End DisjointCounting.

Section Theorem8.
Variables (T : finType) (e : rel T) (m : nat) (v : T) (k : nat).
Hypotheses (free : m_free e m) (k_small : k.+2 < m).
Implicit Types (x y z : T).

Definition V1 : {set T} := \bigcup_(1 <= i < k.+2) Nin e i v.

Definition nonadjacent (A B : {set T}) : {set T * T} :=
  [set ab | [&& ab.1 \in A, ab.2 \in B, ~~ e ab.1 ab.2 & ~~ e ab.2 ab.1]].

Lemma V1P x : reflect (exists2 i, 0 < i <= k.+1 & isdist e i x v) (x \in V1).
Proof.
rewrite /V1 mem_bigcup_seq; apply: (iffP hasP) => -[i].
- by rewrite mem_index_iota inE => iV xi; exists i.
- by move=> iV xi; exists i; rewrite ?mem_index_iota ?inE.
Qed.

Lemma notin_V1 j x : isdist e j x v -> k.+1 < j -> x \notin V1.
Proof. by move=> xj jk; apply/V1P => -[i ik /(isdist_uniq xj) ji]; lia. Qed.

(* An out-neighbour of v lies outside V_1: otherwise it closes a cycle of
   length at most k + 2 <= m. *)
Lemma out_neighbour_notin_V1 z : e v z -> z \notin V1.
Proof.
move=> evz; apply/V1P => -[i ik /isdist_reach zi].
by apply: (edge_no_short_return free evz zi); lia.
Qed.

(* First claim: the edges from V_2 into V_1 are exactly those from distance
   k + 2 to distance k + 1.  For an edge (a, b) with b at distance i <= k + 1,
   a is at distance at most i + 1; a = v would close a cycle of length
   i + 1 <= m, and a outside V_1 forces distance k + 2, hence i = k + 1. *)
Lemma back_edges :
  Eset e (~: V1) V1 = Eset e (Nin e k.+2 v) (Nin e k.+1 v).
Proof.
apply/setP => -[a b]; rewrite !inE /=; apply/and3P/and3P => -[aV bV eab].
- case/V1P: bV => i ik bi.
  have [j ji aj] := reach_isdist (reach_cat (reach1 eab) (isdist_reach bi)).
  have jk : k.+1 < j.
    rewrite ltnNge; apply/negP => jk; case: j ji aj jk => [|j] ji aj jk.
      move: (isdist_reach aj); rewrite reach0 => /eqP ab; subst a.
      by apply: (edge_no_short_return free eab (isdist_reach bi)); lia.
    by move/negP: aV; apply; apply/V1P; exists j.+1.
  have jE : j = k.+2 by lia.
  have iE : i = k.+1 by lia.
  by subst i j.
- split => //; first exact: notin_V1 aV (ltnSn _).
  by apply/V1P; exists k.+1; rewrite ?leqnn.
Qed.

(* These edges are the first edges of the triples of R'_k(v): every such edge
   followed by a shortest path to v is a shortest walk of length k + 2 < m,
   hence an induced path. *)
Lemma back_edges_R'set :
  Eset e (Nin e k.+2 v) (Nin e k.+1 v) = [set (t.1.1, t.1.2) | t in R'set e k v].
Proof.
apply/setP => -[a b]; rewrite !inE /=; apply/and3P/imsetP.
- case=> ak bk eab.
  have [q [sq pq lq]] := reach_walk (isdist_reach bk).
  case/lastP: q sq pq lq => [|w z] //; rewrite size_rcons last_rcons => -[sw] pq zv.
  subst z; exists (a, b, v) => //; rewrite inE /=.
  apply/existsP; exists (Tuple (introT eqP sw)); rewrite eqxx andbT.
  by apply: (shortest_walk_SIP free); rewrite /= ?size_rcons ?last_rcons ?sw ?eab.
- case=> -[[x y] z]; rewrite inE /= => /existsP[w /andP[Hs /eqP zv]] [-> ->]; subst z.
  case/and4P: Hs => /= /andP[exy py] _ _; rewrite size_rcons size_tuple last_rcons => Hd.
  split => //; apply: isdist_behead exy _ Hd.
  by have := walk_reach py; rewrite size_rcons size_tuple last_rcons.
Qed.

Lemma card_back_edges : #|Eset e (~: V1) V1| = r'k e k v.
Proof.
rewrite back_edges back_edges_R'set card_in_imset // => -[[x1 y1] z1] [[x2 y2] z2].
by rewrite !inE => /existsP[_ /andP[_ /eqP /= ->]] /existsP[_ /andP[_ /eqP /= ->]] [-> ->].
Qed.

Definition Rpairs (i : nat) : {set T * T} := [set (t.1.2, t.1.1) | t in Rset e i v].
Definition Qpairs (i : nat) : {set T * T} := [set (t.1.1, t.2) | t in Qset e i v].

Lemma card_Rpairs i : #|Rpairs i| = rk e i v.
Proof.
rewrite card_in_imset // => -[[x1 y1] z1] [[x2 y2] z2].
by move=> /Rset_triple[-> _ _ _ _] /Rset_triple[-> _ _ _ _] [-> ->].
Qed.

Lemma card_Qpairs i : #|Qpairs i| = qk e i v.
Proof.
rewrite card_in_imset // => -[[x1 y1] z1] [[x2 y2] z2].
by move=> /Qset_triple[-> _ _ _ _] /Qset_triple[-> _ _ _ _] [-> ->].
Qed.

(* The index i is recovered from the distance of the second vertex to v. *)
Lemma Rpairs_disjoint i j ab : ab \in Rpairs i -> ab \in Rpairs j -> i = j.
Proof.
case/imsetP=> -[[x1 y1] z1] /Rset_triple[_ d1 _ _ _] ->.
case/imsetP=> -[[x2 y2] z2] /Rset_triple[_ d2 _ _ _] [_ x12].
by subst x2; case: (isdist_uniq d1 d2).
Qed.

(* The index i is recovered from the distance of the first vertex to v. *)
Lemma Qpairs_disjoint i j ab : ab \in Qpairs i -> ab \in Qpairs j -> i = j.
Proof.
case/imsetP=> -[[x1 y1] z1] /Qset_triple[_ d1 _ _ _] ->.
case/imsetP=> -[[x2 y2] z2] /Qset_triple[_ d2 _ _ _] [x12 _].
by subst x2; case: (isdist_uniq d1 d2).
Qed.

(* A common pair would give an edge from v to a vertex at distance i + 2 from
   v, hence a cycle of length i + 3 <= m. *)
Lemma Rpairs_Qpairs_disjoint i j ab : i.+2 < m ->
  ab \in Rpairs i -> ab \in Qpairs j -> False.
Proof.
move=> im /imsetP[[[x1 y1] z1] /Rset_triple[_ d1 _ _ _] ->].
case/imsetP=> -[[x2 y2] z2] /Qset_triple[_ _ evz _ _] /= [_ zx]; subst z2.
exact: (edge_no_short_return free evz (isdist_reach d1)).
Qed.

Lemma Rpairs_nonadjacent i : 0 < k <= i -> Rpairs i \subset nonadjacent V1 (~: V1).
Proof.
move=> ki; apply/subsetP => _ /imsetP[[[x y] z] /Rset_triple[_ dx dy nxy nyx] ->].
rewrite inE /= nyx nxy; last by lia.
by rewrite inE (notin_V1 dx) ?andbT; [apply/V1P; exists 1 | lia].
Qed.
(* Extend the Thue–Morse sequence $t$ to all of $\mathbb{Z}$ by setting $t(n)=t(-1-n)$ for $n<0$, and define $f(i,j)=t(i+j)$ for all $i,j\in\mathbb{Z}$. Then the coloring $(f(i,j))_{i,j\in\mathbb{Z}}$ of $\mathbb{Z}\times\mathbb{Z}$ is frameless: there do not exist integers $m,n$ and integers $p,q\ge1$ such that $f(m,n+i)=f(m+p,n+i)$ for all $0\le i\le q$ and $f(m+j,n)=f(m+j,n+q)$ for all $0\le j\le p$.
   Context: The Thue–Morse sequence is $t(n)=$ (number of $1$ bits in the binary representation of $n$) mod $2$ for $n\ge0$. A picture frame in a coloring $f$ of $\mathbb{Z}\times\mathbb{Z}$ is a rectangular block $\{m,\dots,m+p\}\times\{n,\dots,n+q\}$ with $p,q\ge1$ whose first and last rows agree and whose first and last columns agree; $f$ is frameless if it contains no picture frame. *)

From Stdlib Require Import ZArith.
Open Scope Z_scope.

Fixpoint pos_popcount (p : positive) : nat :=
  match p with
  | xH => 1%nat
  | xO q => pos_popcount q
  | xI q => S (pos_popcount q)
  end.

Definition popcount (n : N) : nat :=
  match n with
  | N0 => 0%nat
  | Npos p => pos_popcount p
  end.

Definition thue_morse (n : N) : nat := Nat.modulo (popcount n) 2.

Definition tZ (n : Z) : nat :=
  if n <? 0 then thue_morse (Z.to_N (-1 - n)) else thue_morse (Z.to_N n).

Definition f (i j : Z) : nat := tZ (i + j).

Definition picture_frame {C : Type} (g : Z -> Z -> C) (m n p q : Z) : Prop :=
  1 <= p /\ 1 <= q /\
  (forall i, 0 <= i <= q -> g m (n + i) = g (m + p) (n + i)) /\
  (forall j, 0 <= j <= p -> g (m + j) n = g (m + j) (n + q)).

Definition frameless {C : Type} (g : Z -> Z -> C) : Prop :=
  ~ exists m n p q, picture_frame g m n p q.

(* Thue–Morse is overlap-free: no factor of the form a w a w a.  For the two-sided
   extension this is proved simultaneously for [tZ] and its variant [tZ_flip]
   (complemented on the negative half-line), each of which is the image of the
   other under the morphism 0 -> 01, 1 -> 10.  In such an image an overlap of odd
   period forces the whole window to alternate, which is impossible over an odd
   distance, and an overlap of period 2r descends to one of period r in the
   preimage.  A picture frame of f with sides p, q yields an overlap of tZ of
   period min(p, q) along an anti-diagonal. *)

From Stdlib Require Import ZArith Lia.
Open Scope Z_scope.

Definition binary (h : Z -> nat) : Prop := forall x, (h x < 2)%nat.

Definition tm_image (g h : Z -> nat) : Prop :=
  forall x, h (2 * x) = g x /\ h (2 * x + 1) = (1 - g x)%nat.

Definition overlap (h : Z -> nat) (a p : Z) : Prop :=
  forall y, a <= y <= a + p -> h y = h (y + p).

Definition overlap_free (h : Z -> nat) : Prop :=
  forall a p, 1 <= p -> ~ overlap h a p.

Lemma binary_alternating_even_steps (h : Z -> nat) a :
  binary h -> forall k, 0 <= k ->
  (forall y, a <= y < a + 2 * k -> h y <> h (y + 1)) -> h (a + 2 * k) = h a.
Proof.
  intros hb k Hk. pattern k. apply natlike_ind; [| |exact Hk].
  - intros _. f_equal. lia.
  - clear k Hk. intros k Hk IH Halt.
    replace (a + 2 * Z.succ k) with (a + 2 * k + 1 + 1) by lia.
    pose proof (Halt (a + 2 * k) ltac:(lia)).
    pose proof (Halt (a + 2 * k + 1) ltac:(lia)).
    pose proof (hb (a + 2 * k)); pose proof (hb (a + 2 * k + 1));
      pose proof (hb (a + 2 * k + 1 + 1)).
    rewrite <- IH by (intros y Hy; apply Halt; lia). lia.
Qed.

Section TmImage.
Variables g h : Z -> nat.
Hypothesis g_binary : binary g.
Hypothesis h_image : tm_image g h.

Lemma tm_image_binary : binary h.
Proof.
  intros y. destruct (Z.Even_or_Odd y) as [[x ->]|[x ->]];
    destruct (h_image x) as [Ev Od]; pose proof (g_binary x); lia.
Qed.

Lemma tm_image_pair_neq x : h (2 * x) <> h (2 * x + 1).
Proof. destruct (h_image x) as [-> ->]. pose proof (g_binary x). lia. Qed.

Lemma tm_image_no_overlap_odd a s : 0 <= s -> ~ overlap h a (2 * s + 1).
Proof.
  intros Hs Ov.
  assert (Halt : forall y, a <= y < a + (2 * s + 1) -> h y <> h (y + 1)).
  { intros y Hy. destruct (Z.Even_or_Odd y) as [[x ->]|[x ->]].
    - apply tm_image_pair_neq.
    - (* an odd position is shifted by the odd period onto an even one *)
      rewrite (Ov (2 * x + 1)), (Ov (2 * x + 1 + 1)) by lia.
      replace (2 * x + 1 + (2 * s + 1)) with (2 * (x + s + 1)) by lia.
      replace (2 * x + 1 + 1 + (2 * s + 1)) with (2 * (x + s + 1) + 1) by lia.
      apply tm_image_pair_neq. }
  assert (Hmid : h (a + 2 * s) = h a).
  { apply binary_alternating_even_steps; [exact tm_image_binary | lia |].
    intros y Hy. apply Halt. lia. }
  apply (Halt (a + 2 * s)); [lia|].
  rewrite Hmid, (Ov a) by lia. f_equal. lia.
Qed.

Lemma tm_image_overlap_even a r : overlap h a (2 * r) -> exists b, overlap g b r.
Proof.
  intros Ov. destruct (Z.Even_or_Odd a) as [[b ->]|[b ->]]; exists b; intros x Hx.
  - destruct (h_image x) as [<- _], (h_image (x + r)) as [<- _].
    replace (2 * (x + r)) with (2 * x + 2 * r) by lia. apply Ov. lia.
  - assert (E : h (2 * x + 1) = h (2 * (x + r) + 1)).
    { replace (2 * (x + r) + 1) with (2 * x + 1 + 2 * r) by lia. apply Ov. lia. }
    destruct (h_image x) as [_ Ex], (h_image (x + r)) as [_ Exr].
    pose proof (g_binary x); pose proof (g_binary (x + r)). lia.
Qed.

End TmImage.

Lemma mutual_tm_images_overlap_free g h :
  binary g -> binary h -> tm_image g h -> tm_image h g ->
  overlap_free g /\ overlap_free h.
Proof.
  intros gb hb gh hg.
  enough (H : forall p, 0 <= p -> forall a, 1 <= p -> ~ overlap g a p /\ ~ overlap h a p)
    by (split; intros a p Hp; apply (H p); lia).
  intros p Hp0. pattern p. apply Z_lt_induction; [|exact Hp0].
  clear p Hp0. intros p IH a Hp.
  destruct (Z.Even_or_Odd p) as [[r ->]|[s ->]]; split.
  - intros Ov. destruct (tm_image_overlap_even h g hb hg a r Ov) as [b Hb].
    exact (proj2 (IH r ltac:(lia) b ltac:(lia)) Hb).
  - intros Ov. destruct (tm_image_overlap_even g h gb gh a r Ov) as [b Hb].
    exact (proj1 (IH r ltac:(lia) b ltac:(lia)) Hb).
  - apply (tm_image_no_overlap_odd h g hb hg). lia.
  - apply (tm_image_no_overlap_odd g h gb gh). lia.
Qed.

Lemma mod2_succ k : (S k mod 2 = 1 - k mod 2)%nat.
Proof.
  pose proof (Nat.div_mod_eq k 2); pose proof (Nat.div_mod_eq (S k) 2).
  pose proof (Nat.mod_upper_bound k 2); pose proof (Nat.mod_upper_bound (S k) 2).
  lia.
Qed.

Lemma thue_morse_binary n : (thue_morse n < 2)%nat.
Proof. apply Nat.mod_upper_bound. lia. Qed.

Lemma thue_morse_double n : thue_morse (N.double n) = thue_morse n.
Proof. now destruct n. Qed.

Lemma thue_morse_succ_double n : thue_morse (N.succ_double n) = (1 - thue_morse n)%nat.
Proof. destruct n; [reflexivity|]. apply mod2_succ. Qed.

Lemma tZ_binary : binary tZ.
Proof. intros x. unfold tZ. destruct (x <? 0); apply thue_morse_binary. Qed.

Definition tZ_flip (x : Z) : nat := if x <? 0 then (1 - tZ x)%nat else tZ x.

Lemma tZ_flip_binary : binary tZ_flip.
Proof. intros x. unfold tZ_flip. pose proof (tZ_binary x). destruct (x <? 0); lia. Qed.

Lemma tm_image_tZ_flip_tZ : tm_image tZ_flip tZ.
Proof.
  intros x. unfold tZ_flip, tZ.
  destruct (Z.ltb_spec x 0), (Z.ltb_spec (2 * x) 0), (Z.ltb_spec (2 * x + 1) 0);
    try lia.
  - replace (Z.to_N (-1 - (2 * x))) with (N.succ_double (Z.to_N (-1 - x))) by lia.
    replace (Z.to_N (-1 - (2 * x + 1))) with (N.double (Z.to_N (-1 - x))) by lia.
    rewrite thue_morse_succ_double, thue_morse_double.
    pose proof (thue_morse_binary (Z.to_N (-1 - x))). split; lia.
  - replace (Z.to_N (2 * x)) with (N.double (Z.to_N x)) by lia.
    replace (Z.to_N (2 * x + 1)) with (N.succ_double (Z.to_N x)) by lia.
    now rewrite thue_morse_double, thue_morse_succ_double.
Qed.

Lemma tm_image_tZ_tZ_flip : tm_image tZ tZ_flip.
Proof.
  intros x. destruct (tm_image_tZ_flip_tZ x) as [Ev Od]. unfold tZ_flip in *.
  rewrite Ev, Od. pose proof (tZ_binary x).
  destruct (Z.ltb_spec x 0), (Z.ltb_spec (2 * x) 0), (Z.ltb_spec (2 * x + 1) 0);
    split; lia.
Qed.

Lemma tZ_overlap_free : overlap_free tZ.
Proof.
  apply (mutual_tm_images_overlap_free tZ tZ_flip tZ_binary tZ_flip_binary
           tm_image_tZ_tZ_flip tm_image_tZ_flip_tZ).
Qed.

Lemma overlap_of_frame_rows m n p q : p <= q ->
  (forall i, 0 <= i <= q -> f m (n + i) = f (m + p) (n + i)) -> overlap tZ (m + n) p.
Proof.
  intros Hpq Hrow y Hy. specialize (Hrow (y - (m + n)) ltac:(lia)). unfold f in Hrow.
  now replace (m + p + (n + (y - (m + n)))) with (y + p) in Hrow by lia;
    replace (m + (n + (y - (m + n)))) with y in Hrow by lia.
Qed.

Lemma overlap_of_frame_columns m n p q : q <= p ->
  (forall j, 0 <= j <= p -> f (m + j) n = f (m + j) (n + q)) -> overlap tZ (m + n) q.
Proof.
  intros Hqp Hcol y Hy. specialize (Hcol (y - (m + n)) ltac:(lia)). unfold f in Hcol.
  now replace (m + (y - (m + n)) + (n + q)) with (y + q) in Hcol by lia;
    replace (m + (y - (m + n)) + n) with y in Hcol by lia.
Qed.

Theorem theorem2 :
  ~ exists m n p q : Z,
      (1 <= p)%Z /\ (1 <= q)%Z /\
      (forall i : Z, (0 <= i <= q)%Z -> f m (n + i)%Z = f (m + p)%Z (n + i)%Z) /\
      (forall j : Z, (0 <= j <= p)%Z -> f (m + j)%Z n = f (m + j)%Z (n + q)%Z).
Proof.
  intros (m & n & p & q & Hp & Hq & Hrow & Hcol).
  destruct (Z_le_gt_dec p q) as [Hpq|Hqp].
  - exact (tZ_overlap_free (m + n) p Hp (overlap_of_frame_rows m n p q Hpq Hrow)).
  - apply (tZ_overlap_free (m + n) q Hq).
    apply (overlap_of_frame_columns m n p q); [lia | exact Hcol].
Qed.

-- -- --

TASK REQUIREMENTS: Please output exactly the lines between the one holding "case/and4P: Hs =>" and the one holding "second vertex to v. *)" in the records above, inclusive, and nothing more.

EXERCISE RESULT:
  case/and4P: Hs => /= /andP[exy py] _ _; rewrite size_rcons size_tuple last_rcons => Hd.
  split => //; apply: isdist_behead exy _ Hd.
  by have := walk_reach py; rewrite size_rcons size_tuple last_rcons.
Qed.

Lemma card_back_edges : #|Eset e (~: V1) V1| = r'k e k v.
Proof.
rewrite back_edges back_edges_R'set card_in_imset // => -[[x1 y1] z1] [[x2 y2] z2].
by rewrite !inE => /existsP[_ /andP[_ /eqP /= ->]] /existsP[_ /andP[_ /eqP /= ->]] [-> ->].
Qed.

Definition Rpairs (i : nat) : {set T * T} := [set (t.1.2, t.1.1) | t in Rset e i v].
Definition Qpairs (i : nat) : {set T * T} := [set (t.1.1, t.2) | t in Qset e i v].

Lemma card_Rpairs i : #|Rpairs i| = rk e i v.
Proof.
rewrite card_in_imset // => -[[x1 y1] z1] [[x2 y2] z2].
by move=> /Rset_triple[-> _ _ _ _] /Rset_triple[-> _ _ _ _] [-> ->].
Qed.

Lemma card_Qpairs i : #|Qpairs i| = qk e i v.
Proof.
rewrite card_in_imset // => -[[x1 y1] z1] [[x2 y2] z2].
by move=> /Qset_triple[-> _ _ _ _] /Qset_triple[-> _ _ _ _] [-> ->].
Qed.

(* The index i is recovered from the distance of the second vertex to v. *)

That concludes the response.